> **What the task asks**:
Look through the lines below and extract each one that contains "TensorCoordinates".

##### Material shown #####

Lemma cocycle_defect_dual x y a b :
  cocycle_defect br1 br2 Q x y a b = cocycle_defect br2 br1 Q^T a b x y.
Proof.
case: homLie1 => _ [_ linr1] skew1 _ _; case: homLie2 => _ [_ linr2] skew2 _ _.
have adj2 c w v : pairing (br2 (c *m Q^T) w) v = - pairing w (ad2 c v).
  by rewrite (pairingC w) pairing_adc // opprK pairingC.
have adj1 u w c : pairing (br1 (u *m Q) w) c = - pairing (ad1 u c) w.
  by rewrite pairing_adc // opprK pairingC.
rewrite /cocycle_defect trmxK (skew2 (ad1 x a)) (skew2 (ad1 y a)).
rewrite (skew1 (ad2 a x)) (skew1 (ad2 b x)) !pairingNl !adj1 !adj2 (pairingC (br2 a b)).
ring.
Qed.

End Compatibility.

Section TensorCoordinates.
Variables (K : fieldType) (n : nat).
Implicit Types (M N P : 'M[K]_n) (a b x y : 'rV[K]_n).

Definition mxform M a b : K := (a *m M *m b^T) 0 0.

Lemma mxform_ebasis M i j : mxform M (ebasis K i) (ebasis K j) = M i j.
Proof. by rewrite /mxform /ebasis -rowE trmx_delta -colE !mxE. Qed.

Lemma mxformB M N a b : mxform (M - N) a b = mxform M a b - mxform N a b.
Proof. by rewrite /mxform mulmxBr mulmxBl mxE [X in _ + X]mxE. Qed.

Lemma mxform_Delta (brd : 'rV[K]_n -> 'rV[K]_n -> 'rV[K]_n) y a b :
    (forall v, linmap (fun u => brd u v)) -> (forall u, linmap (brd u)) ->
  mxform (Delta brd y) a b = pairing (brd a b) y.
Proof.
move=> linl linr.
have -> : pairing (brd a b) y
    = \sum_i \sum_j a 0 i * (b 0 j * pairing (brd (ebasis K i) (ebasis K j)) y).
  rewrite {1}(row_sum_delta a) (linmap_sum (linl _)) pairing_suml.
  apply: eq_bigr => i _.
  by rewrite {1}(row_sum_delta b) (linmap_sum (linr _)) pairing_suml mulr_sumr.
rewrite /mxform mxE.
under eq_bigr => j _ do rewrite !mxE mulr_suml.
rewrite exchange_big /=; apply: eq_bigr => i _; apply: eq_bigr => j _.
by rewrite !mxE; ring.
Qed.

Lemma adc_mulmx_admx (br : 'rV[K]_n -> 'rV[K]_n -> 'rV[K]_n) P x a :
  adc br (fun v => v *m P) x a = - (a *m (admx br (x *m P))^T).
Proof.
apply/rowP => j; rewrite !mxE /pairing; congr (- _).
by apply: eq_bigr => i _; rewrite !mxE.
Qed.

Lemma mxform_adtens (br : 'rV[K]_n -> 'rV[K]_n -> 'rV[K]_n) P x t a b :
  mxform (adtens br P (x *m P) t) a b
  = - mxform t (adc br (fun v => v *m P) x a) (b *m P^T)
    - mxform t (a *m P^T) (adc br (fun v => v *m P) x b).
Proof.
rewrite /mxform /adtens !adc_mulmx_admx linearN /= !mulNmx !mulmxN.
rewrite [X in - X - _]mxE [X in _ - X]mxE !opprK !trmx_mul !trmxK.
by rewrite mulmxDr mulmxDl !mulmxA mxE.
Qed.

End TensorCoordinates.

Lemma Delta_cocycle_iff (K : fieldType) (n : nat) (P : 'M[K]_n)
    (brg brd : 'rV[K]_n -> 'rV[K]_n -> 'rV[K]_n) (x y : 'rV[K]_n) :
  HomLie brd (fun a => a *m P^T) ->
  Delta brd (brg x y)
    = adtens brg P (x *m P) (Delta brd y) - adtens brg P (y *m P) (Delta brd x)
  <-> (forall a b, cocycle_defect brg brd P x y a b = 0).
Proof.
case=> _ [linl linr] _ _ _.
have mxform_diff a b : mxform (Delta brd (brg x y)
      - (adtens brg P (x *m P) (Delta brd y) - adtens brg P (y *m P) (Delta brd x))) a b
    = cocycle_defect brg brd P x y a b.
  by rewrite !mxformB !mxform_adtens !mxform_Delta // /cocycle_defect; ring.
split=> [cocycle a b | defect0].
  by rewrite -mxform_diff cocycle subrr /mxform mulmx0 mul0mx mxE.
apply/eqP; rewrite -subr_eq0; apply/eqP/matrixP => i j.
by rewrite -mxform_ebasis mxform_diff defect0 mxE.
Qed.

Unset Implicit Arguments.

Theorem theorem3p7 (K : fieldType) (n : nat) (P : 'M[K]_n)
    (brg brd : 'rV[K]_n -> 'rV[K]_n -> 'rV[K]_n) :
  HomLie brg (fun x => x *m P) ->
  HomLie brd (fun a => a *m P^T) ->
  weakly_involutive brg (fun x => x *m P) ->
  weakly_involutive brd (fun a => a *m P^T) ->
  (MatchedPair brg (fun x => x *m P) brd (fun a => a *m P^T)
     (adc brg (fun x => x *m P)) (adc brd (fun a => a *m P^T))
   <->
   (forall x y : 'rV[K]_n,
      Delta brd (brg x y)
      = adtens brg P (x *m P) (Delta brd y) - adtens brg P (y *m P) (Delta brd x))).
Proof.
move=> homLie_g homLie_d wi_g wi_d.
have homLie_g' : HomLie brg (fun x => x *m P^T^T) by rewrite trmxK.
have compat_g := compat_iff_cocycle_defect0 homLie_g homLie_d wi_g.
have compat_d := compat_iff_cocycle_defect0 homLie_d homLie_g' wi_d.
rewrite trmxK in compat_d.
have Delta_iff x y := Delta_cocycle_iff brg x y homLie_d.
split=> [[_ _ _ _ /compat_g defect0] x y | cocycle].
  by apply/Delta_iff => a b; apply: defect0.
have defect0 x y a b : cocycle_defect brg brd P x y a b = 0.
  by move: a b; apply/Delta_iff.
split=> //; first exact: adc_HomRep.
- by have := adc_HomRep homLie_d wi_d; rewrite trmxK.
- by apply/compat_d => a b x y; rewrite -cocycle_defect_dual.
- exact/compat_g.
Qed.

#####

> **Expected output**:
Section TensorCoordinates.
End TensorCoordinates.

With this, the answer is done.